Ya…..Rabbii ……. Aku juga meminta, Jadikanlah ia sandaran bagiku. Buatlah aku menjadi perempuan yang dapat membuatnya bangga. Berikan aku hati yang sungguh mencintaiMu sehingga aku dapat mencintainya dengan sepenuh jiwaku. Berikanlah sifat yang lembut, sehingga auraku datang dariMu. Berikanlah aku tangan sehingga aku mampu berdoa untuknya. Berikanlah aku penglihatan sehingga aku dapat melihat banyak kebaikan dalam dirinya. Berikanlah aku lisan yang penuh dengan kata-kata bijaksana, Mampu memberikan semangat serta mendukungnya setiap saat.

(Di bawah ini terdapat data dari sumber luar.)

(* For every integer $k\ge1$, the free commutative semigroup on $k$ generators, i.e. $((\mathbb N\cup\{0\})^k\setminus\{(0,\dots,0)\},+)$ (in particular $(\mathbb N,+)$), is left and right fairly amenable.
   Context: For a semigroup $U$, $s\in U$, $A\subseteq U$: $s$ acts injectively on the left (right) of $A$ if $a\mapsto sa$ ($a\mapsto as$) is injective on $A$. A finitely-additive probability measure on $U$ is $\mu:\mathcal P(U)\to[0,1]$ with $\mu(U)=1$, additive on disjoint sets; it is left fairly invariant if $\mu(sA)=\mu(A)$ whenever $s$ acts injectively on the left of $A$ (right fairly invariant analogously with $As$). $U$ is left (right) fairly amenable if such a measure exists. *)

From Stdlib Require Import Reals List Lia.
Import ListNotations.
Open Scope R_scope.

Definition acts_inj_left {U : Type} (op : U -> U -> U) (s : U) (A : U -> Prop) : Prop :=
  forall a b, A a -> A b -> op s a = op s b -> a = b.
Definition acts_inj_right {U : Type} (op : U -> U -> U) (s : U) (A : U -> Prop) : Prop :=
  forall a b, A a -> A b -> op a s = op b s -> a = b.

Definition lmul_set {U : Type} (op : U -> U -> U) (s : U) (A : U -> Prop) : U -> Prop :=
  fun x => exists a, A a /\ x = op s a.
Definition rmul_set {U : Type} (op : U -> U -> U) (s : U) (A : U -> Prop) : U -> Prop :=
  fun x => exists a, A a /\ x = op a s.
Section OSMMRun.
Variables (R : realType) (n : nat) (Om : set 'cV[R]_n) (f : 'cV[R]_n -> R)
  (gradf : 'cV[R]_n -> 'cV[R]_n) (L : R) (g : 'cV[R]_n -> \bar R)
  (M : nat) (alpha beta tau_min mu_min mu_max gdec ginc : R)
  (H : nat -> 'M[R]_n) (x xh : nat -> 'cV[R]_n) (mu t : nat -> R).
Hypothesis Om_open : open Om.
Hypothesis Om_convex : convex_on Om.
Hypothesis f_convex : convex_fun_on Om f.
Hypothesis f_grad :
  forall y, Om y -> differentiable f y /\ forall w, 'd f y w = dotv (gradf y) w.
Hypothesis gradf_lipschitz :
  forall y z, Om y -> Om z -> enorm (gradf y - gradf z) <= L * enorm (y - z).
Hypothesis g_ninfty : forall y, g y != -oo%E.
Hypothesis g_convex : convex_efun g.
Hypothesis h_compact : forall c : R, compact [set y | (hobj Om f g y <= c%:E)%E].
Hypothesis h_proper : (ereal_inf (range (hobj Om f g)) < +oo)%E.
Hypotheses (alpha_gt0 : 0 < alpha) (alpha_lt1 : alpha < 1).
Hypotheses (beta_gt0 : 0 < beta) (beta_lt1 : beta < 1).
Hypotheses (tau_min_gt0 : 0 < tau_min) (mu_min_gt0 : 0 < mu_min).
Hypotheses (mu_min_le_max : mu_min <= mu_max) (ginc_gt1 : 1 < ginc).
Hypothesis mu0_ge_min : mu_min <= mu 0.
Hypothesis H_psd : forall k w, 0 <= qform (H k) w.
Hypothesis x0_in_Om : Om (x 0).
Hypothesis run :
  osmm_run Om f gradf g M alpha beta tau_min mu_min mu_max gdec ginc H x xh mu t.

Let h := hobj Om f g.
Let A k := regmx tau_min (mu k) (H k).
Let v k := xh k - x k.
Let lambda_min := mu_min * tau_min.
(* Every step s with s * kappa <= lambda_min passes the Armijo test, so backtracking
   stops at t_k >= t_min; the + 1 keeps kappa positive when L = 0. *)
Let kappa := 4 * (`|L| + 1).
Let t_min := Num.min 1 (beta * lambda_min / kappa).
Let armijo k s := (fext Om f (x k + s *: v k)%R + s%:E * g (xh k) + (1 - s)%:E * g (x k)
                   <= h (x k) - (alpha * s / 2 * qform (A k) (v k))%:E)%E.

Lemma mu_ge_min k : mu_min <= mu k.
Proof.
elim: k => [//|k IH]; have [_ _ _ ->] := run k.
case: ifP => _; first by rewrite le_max lexx orbT.
have mu_ge0 : 0 <= mu k := le_trans (ltW mu_min_gt0) IH.
by rewrite le_min mu_min_le_max andbT (le_trans IH) // ler_peMl // ltW.
Qed.

Lemma qform_A_ge k w : lambda_min * dotv w w <= qform (A k) w.
Proof.
rewrite /A /regmx qformD_scalar -[X in X <= _]add0r lerD ?H_psd // ler_wpM2r ?dotvv_ge0 //.
have tau_ge0 : 0 <= tauk (H k) by rewrite divr_ge0 ?mxtrace_ge0.
by apply: ler_pM; [exact: ltW | exact: ltW | exact: mu_ge_min | rewrite lerDr].
Qed.

Lemma qform_A_ge0 k w : 0 <= qform (A k) w.
Proof.
apply: le_trans (qform_A_ge k w).
by rewrite !mulr_ge0 ?dotvv_ge0 ?ltW.
Qed.

Lemma step_in01 k : 0 <= t k <= 1.
Proof. by have [_ [j [-> _]] _ _] := run k; rewrite exprn_ge0 ?exprn_ile1 // ltW. Qed.

Lemma dom_h_point : exists2 y0, Om y0 & g y0 \is a fin_num.
Proof.
have [_ [y0 _ <-] hy0] := ereal_inf_lt h_proper.
have /hobj_fin_num[] : hobj Om f g y0 \is a fin_num.
  by rewrite fin_numElt hy0 andbT ltNye hobj_ninfty.
by exists y0.
Qed.

Lemma g_xh_fin_num k : g (xh k) \is a fin_num.
Proof.
have [y0 _ /EFin_fin_numP[gy0 gy0E]] := dom_h_point.
have [opt _ _ _] := run k.
rewrite fin_numE g_ninfty /=; apply/negP => /eqP gxh_oo.
by have := opt y0; rewrite gxh_oo gy0E -EFinD addey // leye_eq.
Qed.

Lemma xh_in_Om k : Om (xh k).
Proof.
have [y0 Oy0 gy0] := dom_h_point.
have h_closed c : closed [set y | (hobj Om f g y <= c%:E)%E].
  by apply: compact_closed; [exact: norm_hausdorff | exact: h_compact].
exact: (g_fin_num_in_Om Om_open Om_convex f_grad gradf_lipschitz g_convex h_closed g_ninfty
  Oy0 gy0 (g_xh_fin_num k)).
Qed.

Lemma x_in_Om k : Om (x k).
Proof.
elim: k => [//|k IH]; have [_ _ -> _] := run k.
by apply: convex_on_segment => //; [exact: xh_in_Om | exact: step_in01].
Qed.

Lemma subproblem_decrease k gx gh : g (x k) = gx%:E -> g (xh k) = gh%:E ->
  dotv (gradf (x k)) (v k) + gh - gx <= - (3 / 4) * qform (A k) (v k).
Proof.
move=> gxE ghE; have [opt _ _ _] := run k.
have half : 0 <= (1 / 2 : R) <= 1 by rewrite divr_ge0 //= ler_pdivrMr // mul1r ler1n.
pose y := x k + (1 / 2) *: (xh k - x k).
have gy : (g y <= (1 / 2 * gh + (1 - 1 / 2) * gx)%:E)%E.
  rewrite /y segmentE; apply: le_trans (convex_efun_le _ _ g_convex half) _.
  by rewrite ghE gxE -!EFinM -EFinD.
have := le_trans (opt y) (leeD2l _ gy).
rewrite ghE -!EFinD lee_fin /y segmentBl qformZ -/(v k) -/(A k).
have := cutmodel_segment_le M f gradf x k (x k) (xh k) half.
have : cutmodel M f gradf x k (x k) <= f (x k).
  apply: cutmodel_le => i.
  exact: (convex_gradient_ineq Om_convex f_grad gradf_lipschitz f_convex
    (x_in_Om i) (x_in_Om k)).
have := cutmodel_ge_cut M f gradf x k (xh k); rewrite /affine_cut -/(v k).
rewrite expr2; lra.
Qed.

Lemma armijo_small_step k s gx : g (x k) = gx%:E -> 0 < s <= 1 -> s * kappa <= lambda_min ->
  armijo k s.
Proof.
move=> gxE /andP[s_gt0 s_le1] s_small; have /EFin_fin_numP[gh ghE] := g_xh_fin_num k.
have Os : Om (x k + s *: v k).
  by apply: convex_on_segment => //; [exact: x_in_Om | exact: xh_in_Om | rewrite ltW].
rewrite /armijo /h /hobj (fext_in f Os) (fext_in f (x_in_Om k)) ghE gxE.
rewrite -!EFinM -!EFinD lee_fin.
have := taylor1_error_le Om_convex f_grad gradf_lipschitz (x_in_Om k) Os.
rewrite segmentBl -/(v k) !(dotvZl, dotvZr) ler_norml => /andP[_ taylor].
have := ler_wpM2l (ltW s_gt0) (subproblem_decrease gxE ghE).
have := ler_piMl (mulr_ge0 (ltW s_gt0) (qform_A_ge0 k (v k))) (ltW alpha_lt1).
set q := qform (A k) (v k); set D := dotv (v k) (v k) in taylor *.
have D_ge0 : 0 <= D by exact: dotvv_ge0.
have q_ge : lambda_min * D <= q by exact: qform_A_ge.
have Ls : `|L| * s <= lambda_min / 4 by move: s_small; rewrite /kappa; lra.
have := ler_wpM2r (mulr_ge0 (ltW s_gt0) D_ge0) Ls.
have := ler_wpM2l (ltW s_gt0) q_ge.
lra.
Qed.

Lemma step_ge_min k gx : g (x k) = gx%:E -> t_min <= t k.
Proof.
move=> gxE; have [_ [j [-> [_ no_armijo]]] _ _] := run k.
case: j no_armijo => [|j] no_armijo; first by rewrite expr0 ge_min lexx.
have kappa_gt0 : 0 < kappa by rewrite /kappa; have := normr_ge0 L; lra.
have : lambda_min < beta ^+ j * kappa.
  rewrite ltNge; apply/negP => small; apply: (no_armijo j (ltnSn j)).
  by apply: armijo_small_step gxE _ small; rewrite exprn_gt0 //= exprn_ile1 // ltW.
rewrite exprS ge_min ler_pdivrMr // -mulrA => /ltW lt_bj.
by rewrite ler_wpM2l ?orbT // ltW.
Qed.

Lemma h_next_le k :
  (h (x k.+1) <= h (x k) - (alpha * t k / 2 * qform (A k) (v k))%:E)%E.
Proof.
have [_ [j [tE [armijo_j _]]] -> _] := run k.
have := step_in01 k; rewrite tE => t01; apply: le_trans armijo_j.
by rewrite /h /hobj -addeA leeD2l // segmentE convex_efun_le.
Qed.

Lemma g_next_fin_num k : g (x k.+1) \is a fin_num.
Proof.
have [_ [j [tE [_ no_armijo]]] -> _] := run k.
have [gx_oo|] := eqVneq (g (x k)) +oo%E.
  (* then the right-hand side of the Armijo test is +oo, so it accepts t = 1 *)
  case: j tE no_armijo => [|j] tE no_armijo.
    by rewrite tE expr0 scale1r subrKC g_xh_fin_num.
  exfalso; apply: (no_armijo 0%N) => //.
  by rewrite expr0 /hobj gx_oo (fext_in f (x_in_Om k)) addey // addye // leey.
move=> gx_neq; have /EFin_fin_numP[gx gxE] : g (x k) \is a fin_num.
  by rewrite fin_numE g_ninfty.
have /EFin_fin_numP[gh ghE] := g_xh_fin_num k.
have := convex_efun_le (xh k) (x k) g_convex (step_in01 k); rewrite -segmentE.
rewrite ghE gxE -!EFinM -EFinD fin_numE g_ninfty /=; apply: contraTneq => ->.
by rewrite leye_eq.
Qed.

Lemma h_nonincreasing k : (h (x k.+1) <= h (x k))%E.
Proof.
apply: le_trans (h_next_le k) _; rewrite leeBlDr // leeDl // lee_fin.
have [t0 _] := andP (step_in01 k).
by rewrite !mulr_ge0 ?invr_ge0 ?qform_A_ge0 // ltW.
Qed.

Lemma tentative_step_cvg0 : v @ \oo --> (0 : 'cV[R]_n).
Proof.
pose a k := fine (h (x k.+1)).
have haE k : h (x k.+1) = (a k)%:E.
  by rewrite /a /h (hobjE f (x_in_Om k.+1) (g_next_fin_num k)).
have a_lb : has_lbound (range a).
  have [m hm] : exists m : R, forall y, (m%:E <= h y)%E.
    apply: compact_sublevel_lbound h_compact _; first exact: norm_hausdorff.
    by move=> y; exact: hobj_ninfty.
  by exists m => _ [k _ <-]; rewrite -lee_fin -haE hm.
have kappa_gt0 : 0 < kappa by rewrite /kappa; have := normr_ge0 L; lra.
have lambda_min_gt0 : 0 < lambda_min by rewrite mulr_gt0.
have t_min_gt0 : 0 < t_min by rewrite lt_min ltr01 divr_gt0 ?mulr_gt0.
pose c := alpha * t_min * lambda_min / 2.
have c_gt0 : 0 < c by rewrite divr_gt0 ?mulr_gt0.
have a_dec k : a k.+1 + c * dotv (v k.+1) (v k.+1) <= a k.
  have /EFin_fin_numP[gx gxE] := g_next_fin_num k.
  have := h_next_le k.+1; rewrite !haE -EFinB lee_fin.
  have : t_min * (lambda_min * dotv (v k.+1) (v k.+1)) <= t k.+1 * qform (A k.+1) (v k.+1).
    apply: ler_pM; [exact: ltW | exact: mulr_ge0 (ltW lambda_min_gt0) (dotvv_ge0 _) |
                    exact: step_ge_min gxE | exact: qform_A_ge].
  move=> /(ler_wpM2l (divr_ge0 (ltW alpha_gt0) (ler0n R 2))).
  rewrite /c; lra.
rewrite -cvg_shiftS; apply: cvg0_dotvv.
apply: sufficient_decrease_cvg0 c_gt0 a_lb _ a_dec => k; exact: dotvv_ge0.
Qed.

Kokohnya benteng tidak bisa dibangun dalam semalam, namun bisa hancur dalam sedetik. Kota Baghdad tak dibangun dalam sehari, namun bisa hancur dalam sekejap. Perkawinan tak dirajut dalam pertimbangan sesaat, namun bisa saja terberai dalam sesaat. Pernikahan, bukanlah akhir dari sebuah perjalanan Tapi awal sebuah langkah. Karenanya, jadikanlah kelak pernikahan kami sebagai titian untuk belajar kesabaran & ridho-Mu, ya Rabbi Dan bilamana akhirnya kami berdua bertemu, aku berharap kami berdua dapat mengatakan: ” Betapa Maha Besarnya Engkau karena telah memberikan kepadaku pasangan yang dapat membuat hidupku menjadi sempurna”. Aku mengetahui bahwa Engkau ingin kami bertemu pada waktu yang tepat Dan Engkau akan membuat segalanya indah pada waktu yang telah Engkau tentukan….
Astaghfirullah,
Wallahu’alam bisshowab
Dari akhwat yang membutuhkan ampunan Allah azzawajalla, dan mengharapkan doaku dikabulkanNYA untuk mendapatkan mujahidku.